Belgian painter (1860–1927)

Rodolphe Paul Marie Wytsman (11 March 1860 – 2 November 1927) was a Belgian Impressionist painter. He trained at the Académie Royale des Beaux-Arts in Brussels, and was one of the founding members of Les XX, a group of avant-garde Belgian artists.

== Life ==
=== Origin ===
Rodolphe Wytsman was born in Dendermonde, Belgium. He was the son of Klemens Wytsman (1825–1870), an Austrian immigrant who was notary and shipping agent, and Emma-Maria Cockuyt (born in Ghent, c. 1838).
In 1886 Wytsman married Juliette Trullemans (b.
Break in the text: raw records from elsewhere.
(* CBS-DL is complete and optimal: on every MAPF-DL instance, and for every choice of tie-breaking, of collisions selected for branching, and of paths returned by the low-level search, CBS-DL terminates and returns a solution whose number of unsuccessful agents is the minimum over all solutions of the instance.
   Context: MAPF-DL. An instance consists of a deadline $T_{\mathrm{end}}\in\mathbb{N}$, a finite undirected graph $G=(V,E)$, and $M$ agents $a_1,\dots,a_M$; agent $a_i$ has a start vertex $s_i$ and a goal vertex $g_i$, and the graph distance from $s_i$ to $g_i$ is at most $T_{\mathrm{end}}$. A path for $a_i$ is a map $l_i:\{0,\dots,T_{\mathrm{end}}\}\to V$ with $l_i(0)=s_i$, $l_i(T_{\mathrm{end}})=g_i$, and for each $t\ge1$ either $(l_i(t-1),l_i(t))\in E$ or $l_i(t-1)=l_i(t)$. A plan assigns a path to each agent of some subset (the successful agents); the others are unsuccessful and get no path. Two distinct successful agents $a_i,a_j$ have a vertex collision $(a_i,a_j,v,t)$ if $l_i(t)=l_j(t)=v$, and an edge collision $(a_i,a_j,u,v,t)$ if $u=l_i(t)=l_j(t+1)$ and $v=l_j(t)=l_i(t+1)$. A solution is a plan with no collisions; its cost is the number of unsuccessful agents. Constraints: a vertex constraint $(a_i,v,t)$ forbids $l_i(t)=v$; an edge constraint $(a_i,u,v,t)$ forbids $l_i(t)=u$ together with $l_i(t+1)=v$. A path for $a_i$ obeys a constraint set $C$ if it violates none of the constraints in $C$ concerning $a_i$. Algorithm CBS-DL. Low-level search: given agent $a_i$ and constraint set $C$, it returns some path for $a_i$ obeying $C$ if one exists, and otherwise returns ''no path''. The high level performs best-first search over a constraint tree (CT); each CT node $N$ has a constraint set $N.C$, a plan $N.\mathrm{plan}$, and cost $N.\mathrm{cost}$ = number of agents without a path in $N.\mathrm{plan}$. The root has $C=\emptyset$ and the plan containing a low-level path for every agent (cost $0$). OPEN initially contains the root. Repeat: remove from OPEN a node $N$ of minimum cost (ties arbitrary). If $N.\mathrm{plan}$ has no collision, return it. Otherwise pick some collision in $N.\mathrm{plan}$. For a vertex collision $(a_i,a_j,v,t)$ create two children: one with constraints $N.C\cup\{(a_i,v,t)\}$ and one with $N.C\cup\{(a_j,v,t)\}$; for an edge collision $(a_i,a_j,u,v,t)$ the children get $N.C\cup\{(a_i,u,v,t)\}$ and $N.C\cup\{(a_j,v,u,t)\}$, respectively. Each child copies $N.\mathrm{plan}$, and then the path of the agent named in its new constraint is replaced by the low-level search result for that agent under the child's constraint set (the agent's path is deleted if ''no path'' is returned); the child's cost is recomputed and the child is inserted into OPEN. *)

From Stdlib Require List.
From Stdlib Require Export Relation_Operators.
From HB Require Import structures.
From mathcomp Require Import all_boot.

(* A path is represented as a function nat -> V; only its values on
   {0,...,T} are ever inspected. *)

Definition dist_le {V : finType} (E : rel V) (x y : V) (T : nat) : Prop :=
  exists p : seq V, [&& path E x p, last x p == y & size p <= T].

Definition is_path {V : finType} {M : nat} (E : rel V) (T : nat)
    (s g : 'I_M -> V) (i : 'I_M) (l : nat -> V) : Prop :=
  l 0 = s i /\ l T = g i /\
  forall t, t < T -> E (l t) (l t.+1) \/ l t = l t.+1.

Inductive constr (V : finType) (M : nat) :=
| VCon (i : 'I_M) (v : V) (t : nat)          (* forbids l_i(t) = v *)
| ECon (i : 'I_M) (u v : V) (t : nat).       (* forbids l_i(t)=u /\ l_i(t+1)=v *)
Arguments VCon {V M}.
Arguments ECon {V M}.

Definition agent_of {V : finType} {M : nat} (c : constr V M) : 'I_M :=
  match c with VCon i _ _ => i | ECon i _ _ _ => i end.

(* path l of agent i violates constraint c (times outside {0..T} are
   outside the domain of a path, so they cannot be violated) *)
Definition violates {V : finType} {M : nat} (T : nat) (i : 'I_M)
    (l : nat -> V) (c : constr V M) : Prop :=
  match c with
  | VCon j v t => j = i /\ t <= T /\ l t = v
  | ECon j u v t => j = i /\ t < T /\ l t = u /\ l t.+1 = v
  end.

Definition obeys {V : finType} {M : nat} (T : nat) (i : 'I_M)
    (C : seq (constr V M)) (l : nat -> V) : Prop :=
  forall c, List.In c C -> ~ violates T i l c.

(* plans: successful agents get Some path, unsuccessful ones None *)
Definition plan (V : finType) (M : nat) := 'I_M -> option (nat -> V).

Definition has_path {V : finType} (o : option (nat -> V)) : bool :=
  if o is Some _ then true else false.

Definition cost {V : finType} {M : nat} (p : plan V M) : nat :=
  #|[pred i : 'I_M | ~~ has_path (p i)]|.

Definition vertex_collision {V : finType} {M : nat} (T : nat) (p : plan V M)
    (i j : 'I_M) (v : V) (t : nat) : Prop :=
  i <> j /\ t <= T /\
  exists li lj, p i = Some li /\ p j = Some lj /\ li t = v /\ lj t = v.

Definition edge_collision {V : finType} {M : nat} (T : nat) (p : plan V M)
    (i j : 'I_M) (u v : V) (t : nat) : Prop :=
  i <> j /\ t < T /\
  exists li lj, p i = Some li /\ p j = Some lj /\
    li t = u /\ lj t.+1 = u /\ lj t = v /\ li t.+1 = v.

Definition collision_free {V : finType} {M : nat} (T : nat) (p : plan V M) : Prop :=
  (forall i j v t, ~ vertex_collision T p i j v t) /\
  (forall i j u v t, ~ edge_collision T p i j u v t).

Definition is_plan {V : finType} {M : nat} (E : rel V) (T : nat)
    (s g : 'I_M -> V) (p : plan V M) : Prop :=
  forall i l, p i = Some l -> is_path E T s g i l.

Definition solution {V : finType} {M : nat} (E : rel V) (T : nat)
    (s g : 'I_M -> V) (p : plan V M) : Prop :=
  is_plan E T s g p /\ collision_free T p.

Definition optimal_solution {V : finType} {M : nat} (E : rel V) (T : nat)
    (s g : 'I_M -> V) (p : plan V M) : Prop :=
  solution E T s g p /\ forall q, solution E T s g q -> cost p <= cost q.

Definition lowlevel_result {V : finType} {M : nat} (E : rel V) (T : nat)
    (s g : 'I_M -> V) (i : 'I_M) (C : seq (constr V M))
    (r : option (nat -> V)) : Prop :=
  match r with
  | Some l => is_path E T s g i l /\ obeys T i C l
  | None => ~ exists l, is_path E T s g i l /\ obeys T i C l
  end.

Record node (V : finType) (M : nat) := Node { nC : seq (constr V M); nplan : plan V M }.
Arguments Node {V M}.
Arguments nC {V M}.
Arguments nplan {V M}.

Definition ncost {V : finType} {M : nat} (N : node V M) : nat := cost (nplan N).

Definition update {V : finType} {M : nat} (p : plan V M) (i : 'I_M)
    (r : option (nat -> V)) : plan V M :=
  fun k => if k == i then r else p k.

Definition is_child {V : finType} {M : nat} (E : rel V) (T : nat)
    (s g : 'I_M -> V) (N : node V M) (c : constr V M) (N' : node V M) : Prop :=
  exists r, lowlevel_result E T s g (agent_of c) (c :: nC N) r /\
            N' = Node (c :: nC N) (update (nplan N) (agent_of c) r).

Inductive state (V : finType) (M : nat) :=
| Running (open : seq (node V M))
| Done (p : plan V M).
Arguments Running {V M}.
Arguments Done {V M}.

(* one iteration of the high-level loop; every nondeterministic choice
   (tie-breaking, collision to branch on, low-level paths) is allowed.
   OPEN is a list; the extracted node N is any node of minimum cost. *)
Inductive step {V : finType} {M : nat} (E : rel V) (T : nat)
    (s g : 'I_M -> V) : state V M -> state V M -> Prop :=
| step_return o1 N o2 :
    all (fun N' => ncost N <= ncost N') (o1 ++ o2) ->
    collision_free T (nplan N) ->
    step E T s g (Running (o1 ++ N :: o2)) (Done (nplan N))
| step_vertex o1 N o2 i j v t N1 N2 :
    all (fun N' => ncost N <= ncost N') (o1 ++ o2) ->
    vertex_collision T (nplan N) i j v t ->
    is_child E T s g N (VCon i v t) N1 ->
    is_child E T s g N (VCon j v t) N2 ->
    step E T s g (Running (o1 ++ N :: o2)) (Running (o1 ++ o2 ++ [:: N1; N2]))
| step_edge o1 N o2 i j u v t N1 N2 :
    all (fun N' => ncost N <= ncost N') (o1 ++ o2) ->
    edge_collision T (nplan N) i j u v t ->
    is_child E T s g N (ECon i u v t) N1 ->
    is_child E T s g N (ECon j v u t) N2 ->
    step E T s g (Running (o1 ++ N :: o2)) (Running (o1 ++ o2 ++ [:: N1; N2])).

From mathcomp Require Import all_boot zify.
From Stdlib Require Import Classical.

Set Implicit Arguments.
Unset Strict Implicit.
Unset Printing Implicit Defensive.

(* Invariant of the high level: every node in OPEN holds, for each agent, an
   admissible low-level answer for its constraint set, and every solution q
   obeys the constraints of some node in OPEN.  Branching on a collision of
   N preserves the latter: q cannot violate both new constraints, as that
   would be a collision of q, so it obeys those of one child.  Hence the
   minimum-cost node returned costs no more than any solution.
   Termination: the constraint set of a node is a duplicate-free list of
   constraints with times in {0..T}, drawn from a finite type of size K, so
   weighting a node with k constraints by 3^(K-k) makes the total weight of
   OPEN decrease at every iteration. *)

Lemma Acc_of_measure (A : Type) (R : A -> A -> Prop) (P : A -> Prop)
    (f : A -> nat) :
  (forall x y, P x -> R x y -> P y /\ f y < f x) ->
  forall x, P x -> Acc (fun y x => R x y) x.
Proof.
move=> Hdec x; move: {2}(f x) (leqnn (f x)) => n.
elim: n x => [|n IH] x Hx Px; constructor=> y Rxy;
  have [Py Hy] := Hdec x y Px Rxy; first lia.
by apply: IH Py; lia.
Qed.

Lemma clos_refl_trans_inv (A : Type) (R : A -> A -> Prop) (P : A -> Prop) x y :
  (forall a b, P a -> R a b -> P b) -> clos_refl_trans A R x y -> P x -> P y.
Proof.
move=> HR; elim=> [a b Rab Pa|//|a b c _ IH1 _ IH2 Pa]; first exact: HR Pa Rab.
exact: IH2 (IH1 Pa).
Qed.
Brussels, 1866–d. Elsene, 1925), also a painter. During three decades of marriage they resided in or near Brussels, except during World War I, when they fled to the Netherlands.

=== Early life ===
Wytsman grew up in a cultured environment. His father was—apart from being a notary—a numismatist, historian and composer. Among his friends were the Flemish composers François Auguste Gevaert and Peter Benoit and the French literary figure, Victor Hugo. Wytsman's father died prematurely on 27 November 1870 when Rodolphe was only nine or ten. Shortly thereafter, Wytsman's mother moved to her hometown of Dendermonde, 20 miles north of Brussels.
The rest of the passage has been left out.